• Exercise
Please take the lines from the one holding "have fixes z" through the one holding "move=> y y' /= eq_s; set b := y' - pi y." in the data below and copy them exactly.

Collected data

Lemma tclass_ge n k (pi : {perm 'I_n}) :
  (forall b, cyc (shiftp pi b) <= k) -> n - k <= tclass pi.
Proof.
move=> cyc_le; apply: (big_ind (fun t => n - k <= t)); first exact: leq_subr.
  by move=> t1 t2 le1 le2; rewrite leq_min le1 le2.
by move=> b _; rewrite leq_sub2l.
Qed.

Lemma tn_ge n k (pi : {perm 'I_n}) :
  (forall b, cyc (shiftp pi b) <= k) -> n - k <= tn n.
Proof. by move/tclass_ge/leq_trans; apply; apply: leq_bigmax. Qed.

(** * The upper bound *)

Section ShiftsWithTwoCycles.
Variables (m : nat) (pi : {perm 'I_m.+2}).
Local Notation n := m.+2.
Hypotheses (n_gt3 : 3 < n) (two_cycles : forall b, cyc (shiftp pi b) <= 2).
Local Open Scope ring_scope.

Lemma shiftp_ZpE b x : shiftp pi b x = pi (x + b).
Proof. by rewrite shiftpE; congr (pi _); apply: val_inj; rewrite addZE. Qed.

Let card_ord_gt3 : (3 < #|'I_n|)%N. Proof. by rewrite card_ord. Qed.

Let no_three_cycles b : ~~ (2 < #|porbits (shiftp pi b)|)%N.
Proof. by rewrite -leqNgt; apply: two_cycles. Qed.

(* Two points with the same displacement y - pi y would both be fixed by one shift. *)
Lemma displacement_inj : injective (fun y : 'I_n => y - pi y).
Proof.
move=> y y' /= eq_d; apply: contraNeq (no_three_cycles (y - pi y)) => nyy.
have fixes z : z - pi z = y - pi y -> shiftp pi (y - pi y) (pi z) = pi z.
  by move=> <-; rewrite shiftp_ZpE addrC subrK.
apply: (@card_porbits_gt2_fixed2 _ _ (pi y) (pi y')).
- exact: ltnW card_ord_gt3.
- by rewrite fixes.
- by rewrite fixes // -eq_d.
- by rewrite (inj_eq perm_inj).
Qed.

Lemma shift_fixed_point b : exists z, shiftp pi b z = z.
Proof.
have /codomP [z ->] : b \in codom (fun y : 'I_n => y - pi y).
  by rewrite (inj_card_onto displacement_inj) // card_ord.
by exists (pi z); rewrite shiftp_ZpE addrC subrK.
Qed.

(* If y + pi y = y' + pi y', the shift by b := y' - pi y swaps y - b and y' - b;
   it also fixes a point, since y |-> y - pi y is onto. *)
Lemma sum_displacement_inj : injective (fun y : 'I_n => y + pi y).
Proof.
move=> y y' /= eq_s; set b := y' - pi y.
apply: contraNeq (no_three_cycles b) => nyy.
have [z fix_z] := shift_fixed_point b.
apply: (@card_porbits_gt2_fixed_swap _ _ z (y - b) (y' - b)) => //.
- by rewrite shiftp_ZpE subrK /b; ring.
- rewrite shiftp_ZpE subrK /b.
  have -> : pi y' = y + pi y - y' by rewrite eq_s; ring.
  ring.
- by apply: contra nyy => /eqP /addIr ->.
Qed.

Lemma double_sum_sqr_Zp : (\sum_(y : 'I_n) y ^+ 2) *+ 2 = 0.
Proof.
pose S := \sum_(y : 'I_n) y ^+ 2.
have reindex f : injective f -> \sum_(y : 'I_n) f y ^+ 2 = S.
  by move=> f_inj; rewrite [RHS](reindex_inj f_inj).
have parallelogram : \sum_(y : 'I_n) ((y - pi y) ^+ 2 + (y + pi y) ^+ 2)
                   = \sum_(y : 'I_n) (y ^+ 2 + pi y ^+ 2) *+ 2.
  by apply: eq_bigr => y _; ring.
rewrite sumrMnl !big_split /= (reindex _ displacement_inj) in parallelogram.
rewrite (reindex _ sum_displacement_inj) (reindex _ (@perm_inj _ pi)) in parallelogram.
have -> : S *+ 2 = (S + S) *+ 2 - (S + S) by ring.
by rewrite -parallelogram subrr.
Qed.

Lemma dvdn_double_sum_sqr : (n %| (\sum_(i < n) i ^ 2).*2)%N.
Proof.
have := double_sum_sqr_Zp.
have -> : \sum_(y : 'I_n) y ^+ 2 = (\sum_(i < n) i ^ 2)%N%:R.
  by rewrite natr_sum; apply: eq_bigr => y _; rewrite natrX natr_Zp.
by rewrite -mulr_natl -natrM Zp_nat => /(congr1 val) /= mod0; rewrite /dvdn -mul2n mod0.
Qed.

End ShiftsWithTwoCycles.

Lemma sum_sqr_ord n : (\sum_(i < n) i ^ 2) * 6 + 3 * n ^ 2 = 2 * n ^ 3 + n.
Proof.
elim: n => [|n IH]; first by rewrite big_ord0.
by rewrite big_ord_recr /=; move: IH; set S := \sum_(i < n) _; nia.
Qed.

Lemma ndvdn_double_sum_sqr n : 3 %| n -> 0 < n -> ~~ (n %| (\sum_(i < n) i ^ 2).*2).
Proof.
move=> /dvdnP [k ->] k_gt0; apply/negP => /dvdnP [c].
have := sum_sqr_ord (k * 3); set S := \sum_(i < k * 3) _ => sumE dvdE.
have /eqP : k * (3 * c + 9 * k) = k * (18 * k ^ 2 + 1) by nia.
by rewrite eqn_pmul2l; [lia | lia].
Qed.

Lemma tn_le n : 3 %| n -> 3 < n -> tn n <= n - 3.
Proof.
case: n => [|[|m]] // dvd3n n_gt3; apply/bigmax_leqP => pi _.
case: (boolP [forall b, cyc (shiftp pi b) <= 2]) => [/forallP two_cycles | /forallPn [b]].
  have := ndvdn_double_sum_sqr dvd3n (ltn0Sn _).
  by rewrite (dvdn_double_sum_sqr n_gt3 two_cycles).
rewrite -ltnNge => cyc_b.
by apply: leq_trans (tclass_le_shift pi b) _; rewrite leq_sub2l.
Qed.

• Result
have fixes z : z - pi z = y - pi y -> shiftp pi (y - pi y) (pi z) = pi z.
  by move=> <-; rewrite shiftp_ZpE addrC subrK.
apply: (@card_porbits_gt2_fixed2 _ _ (pi y) (pi y')).
- exact: ltnW card_ord_gt3.
- by rewrite fixes.
- by rewrite fixes // -eq_d.
- by rewrite (inj_eq perm_inj).
Qed.

Lemma shift_fixed_point b : exists z, shiftp pi b z = z.
Proof.
have /codomP [z ->] : b \in codom (fun y : 'I_n => y - pi y).
  by rewrite (inj_card_onto displacement_inj) // card_ord.
by exists (pi z); rewrite shiftp_ZpE addrC subrK.
Qed.

(* If y + pi y = y' + pi y', the shift by b := y' - pi y swaps y - b and y' - b;
   it also fixes a point, since y |-> y - pi y is onto. *)
Lemma sum_displacement_inj : injective (fun y : 'I_n => y + pi y).
Proof.
move=> y y' /= eq_s; set b := y' - pi y.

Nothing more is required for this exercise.